The main requirements to practice patent law before the United States Patent and Trademark Office (USPTO), notwithstanding receiving proper on-the-job training, are: a) sufficient knowledge of relevant technology and science, and b) passing a registration-to-practice examination administered by the USPTO. Being a licensed attorney is neither necessary nor sufficient to practice. The USPTO maintains separate rolls of patent agents and patent attorneys. A person who holds a registration to practice and who is not an attorney is called a patent agent. A person who holds a registration to practice and who is also licensed by a state bar association to practice law is called a patent attorney.
Practice of patent law before the USPTO (e.g., client counseling, portfolio strategy development, patentability search and analysis, patent application preparation, and patent prosecution) is performed under the authority of the USPTO, where the two titles are equivalent. All Launchpad practitioners (attorneys and agents) offer representation exclusively within this scope. Practice of law outside the USPTO (e.g., licensing patents, performing freedom-to-operate opinions, and patent litigation in the courts) as well as practice of trademark law before the USPTO is performed under the authority of a state bar association and can be performed only by a licensed attorney.
NOTE: Launchpad Patents doesn’t have the capabilities to assist in defending patent in the future against infringement but we can refer our clients to a number of excellent patent litigators.
Launchpad asserts legal privilege over confidential communications with our clients within our scope of practice. Our assertion was recently validated in a precedential decision by the US. Court of Appeals for the Federal Circuit, In re: Queen’s University at Kingston, PARTEQ Research and Development Innovations.

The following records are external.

Lemma gbarT_critical_density : k0 = Kb ->
  (forall k1 k2, I1 k1 -> I2 k2 -> G k1 k2 = piC) /\
  (forall T, 0 < T -> g T = piC).
Proof.
  intros hk. pose proof k_ranges_bounds.
  assert (hG : forall k1 k2, I1 k1 -> I2 k2 -> G k1 k2 = piC).
  { unfold in_k1, in_k2. intros k1 k2 h1 h2. apply Gk_eq_piC; lra. }
  split; [exact hG|].
  intros T hT. apply hG; [apply k1T_in_k1 | apply k2T_in_k2]; exact hT.
Qed.

Lemma gbarT_upper_moderate_density : Kb < k0 <= K - pi * (Ccap V W K / W) ->
  (forall k1 k2, I1 k1 -> I2 k2 -> G k1 k2 = Rmin (p2 k2) piC) /\
  (forall k1 k1' k2, I1 k1 -> I1 k1' -> I2 k2 -> G k1 k2 = G k1' k2) /\
  (forall k1 a b, I1 k1 -> Kb <= a -> a < b -> b < k0 -> G k1 a < G k1 b) /\
  (forall k1 a b, I1 k1 -> I2 a -> I2 b -> k0 <= a -> k0 <= b -> G k1 a = G k1 b) /\
  (forall T, 0 < T -> g T <= piC) /\
  (exists T, 0 < T /\ g T = piC) /\
  (forall T, 0 < T -> pi * (K - k0) * W <= g T) /\
  (forall T, / pi * (L / W) <= T -> g T = pi * (K - k0) * W).
Proof.
  intros hk. pose proof k_ranges_bounds.
  assert (hWk : pi * (K - k0) * W < piC).
  { rewrite Ccap_eq_W, (Rmult_comm W), <- Rmult_assoc. apply Rmult_lt_compat_r; [lra|].
    apply Rmult_lt_compat_l; lra. }
  assert (hG : forall k1 k2, I1 k1 -> G k1 k2 = Rmin (p2 k2) piC).
  { unfold in_k1. intros k1 k2 h1. apply Gk_eq_min_phi2; lra. }
  assert (hg : forall T, 0 < T -> g T = Rmin (p2 (k2T L V W K pi T)) piC).
  { intros T hT. apply hG, k1T_in_k1, hT. }
  repeat split.
  - intros k1 k2 h1 _. apply hG, h1.
  - intros k1 k1' k2 h1 h1' _. rewrite !hG by assumption. reflexivity.
  - intros k1 a b h1 hKa hab hbk.
    rewrite !hG, !Rmin_left by (assumption || apply phi2_le_piC; lra).
    apply phi2_lt_compat; lra.
  - intros k1 a b h1 ha hb hka hkb. unfold in_k2 in ha, hb.
    rewrite !hG, !Rmin_right by (assumption || apply piC_le_phi2; lra). reflexivity.
  - intros T hT. rewrite hg by exact hT. apply Rmin_r.
  - exists (/ INR 1 * (L / W)).
    assert (hT : 0 < / INR 1 * (L / W)) by (apply Rinv_INR_mul_pos; [lia | exact LW_pos]).
    split; [exact hT|]. rewrite hg, phi2_k2T_at_divisor by (exact hT || lia).
    apply Rmin_right.
    replace piC with (pi * (Ccap V W K / W) * W) by (field; lra).
    apply Rmult_le_compat_r; lra.
  - intros T hT. rewrite hg by exact hT.
    apply Rmin_glb; [exact (proj1 (phi2_k2T_bounds T hT)) | lra].
  - intros T hT.
    assert (hT0 : 0 < T) by (apply (long_cycle_pos pi (L / W)); [lra | exact LW_pos | exact hT]).
    rewrite hg, phi2_k2T_long by assumption. apply Rmin_left. lra.
Qed.

Lemma gbarT_high_density : K - pi * (Ccap V W K / W) < k0 <= K ->
  (forall k1 k2, I1 k1 -> I2 k2 -> G k1 k2 = p2 k2) /\
  (forall k1 k1' k2, I1 k1 -> I1 k1' -> I2 k2 -> G k1 k2 = G k1' k2) /\
  (forall k1 a b, I1 k1 -> I2 a -> I2 b -> a < b -> G k1 a <= G k1 b) /\
  (k0 < K -> forall k1 a b, I1 k1 -> I2 a -> I2 b -> a < b -> G k1 a < G k1 b) /\
  (forall T, 0 < T -> g T <= (K - k0) * W) /\
  (forall j : nat, (0 < j)%nat -> g (/ INR j * (L / W)) = (K - k0) * W) /\
  (forall T, 0 < T -> pi * (K - k0) * W <= g T) /\
  (forall T, / pi * (L / W) <= T -> g T = pi * (K - k0) * W).
Proof.
  intros hk. pose proof k_ranges_bounds.
  assert (hG : forall k1 k2, I1 k1 -> I2 k2 -> G k1 k2 = p2 k2).
  { unfold in_k1, in_k2. intros k1 k2 h1 h2. apply Gk_eq_phi2; lra. }
  assert (hg : forall T, 0 < T -> g T = p2 (k2T L V W K pi T)).
  { intros T hT. apply hG; [apply k1T_in_k1 | apply k2T_in_k2]; exact hT. }
  repeat split.
  - exact hG.
  - intros k1 k1' k2 h1 h1' h2. rewrite !hG by assumption. reflexivity.
  - intros k1 a b h1 ha hb hab. rewrite !hG by assumption.
    apply phi2_le_compat; unfold in_k2 in hb; lra.
  - intros hkK k1 a b h1 ha hb hab. rewrite !hG by assumption.
    apply phi2_lt_compat; unfold in_k2 in hb; lra.
  - intros T hT. rewrite hg by exact hT. exact (proj2 (phi2_k2T_bounds T hT)).
  - intros j hj. rewrite hg by (apply Rinv_INR_mul_pos; [exact hj | exact LW_pos]).
    apply phi2_k2T_at_divisor, hj.
  - intros T hT. rewrite hg by exact hT. exact (proj1 (phi2_k2T_bounds T hT)).
  - intros T hT. rewrite hg by (apply (long_cycle_pos pi (L / W)); [lra | exact LW_pos | exact hT]).
    apply phi2_k2T_long, hT.
Qed.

A complete nonprovisional utility patent application should contain the elements listed below, arranged in the order shown. See Non-provisional (Utility) Patent Application Filing Guide.
- Utility patent application transmittal form or transmittal letter
- Appropriate fees
- Application data sheet (see 37 CFR § 1.76)
- Specification (with at least one claim)
- Drawings (when necessary)
- Executed oath or declaration
- Nucleotide and amino acid sequence listing (when necessary)
- Large tables or computer listings (when necessary)
On average, it takes about 2.5 years after filing a nonprovisional utility patent application in the United States. The chart below from Patently-O, a U.S. patent law blog, shows the median patent prosecution pendency over the past decade (2005–2015). The author defined pendency as the number of months from filing to issuance on a straight application-by-application basis. In this calculation, he did not consider priority, PCT, provisional, or RCE filings.
Historically, about 50 percent of filed U.S. patents are issued. More recently, USPTO allowance rates have increased to between 60 and 70 percent (http://patentlyo.com/patent/2012/12/patent-application-outcomes-rising-allowances-and-falling-abandonments.html). Launchpad practitioners have a significantly higher average than this USPTO normal range. We do not opine if your patent will attain commercial success. We make no representation about the patentability of specific inventions.
Yes. We can help you understand if your invention is generally patentable subject matter. We can help you understand the pros and cons of patent protection vs. alternatives such as holding your invention as a trade secret, filing a statutory invention disclosure, or disclosing your invention in a printed publication. For specific prior art we know about, we routinely draft claims designed to overcome the known prior art. However it is not possible, owing to the secrecy of recently filed patent applications, to know of absolutely all prior art. Thus no party other than a national patent office (during patent prosecution) can provide any absolute assurance of patentability.
Like any other law firm or agency, we perform a conflicts check to make sure we have not recently represented an adverse or competitive interest.
Launchpad has a large network of foreign associates and is able to provide filings virtually anywhere. As to where a given invention should be filed, the answer is fact based. We are experienced and comfortable reviewing your facts and advising you specifically, invention-by-invention.
The U.S. changed from a “First to Invent” to a “First to File” country on March 16, 2013. For this reason, obtaining an early filing date is typically a high priority. Launchpad provides streamlined filing to reduce your wait. A series of court rulings have affected what is considered “statutory subject matter” under 35 USC 101. Launchpad has developed approaches to file viable patents on most inventions to meet the requirements of 35 USC 101 (and foreign equivalents). For example, in the U.S., it is frequently productive to focus on user interface for a software invention. In contrast, in China, many software inventions should focus on “computer readable media.” In Europe, a medical treatment should focus on devices and reagents. Launchpad and its foreign associates are happy to provide counsel regarding patentability on a case-by-case basis.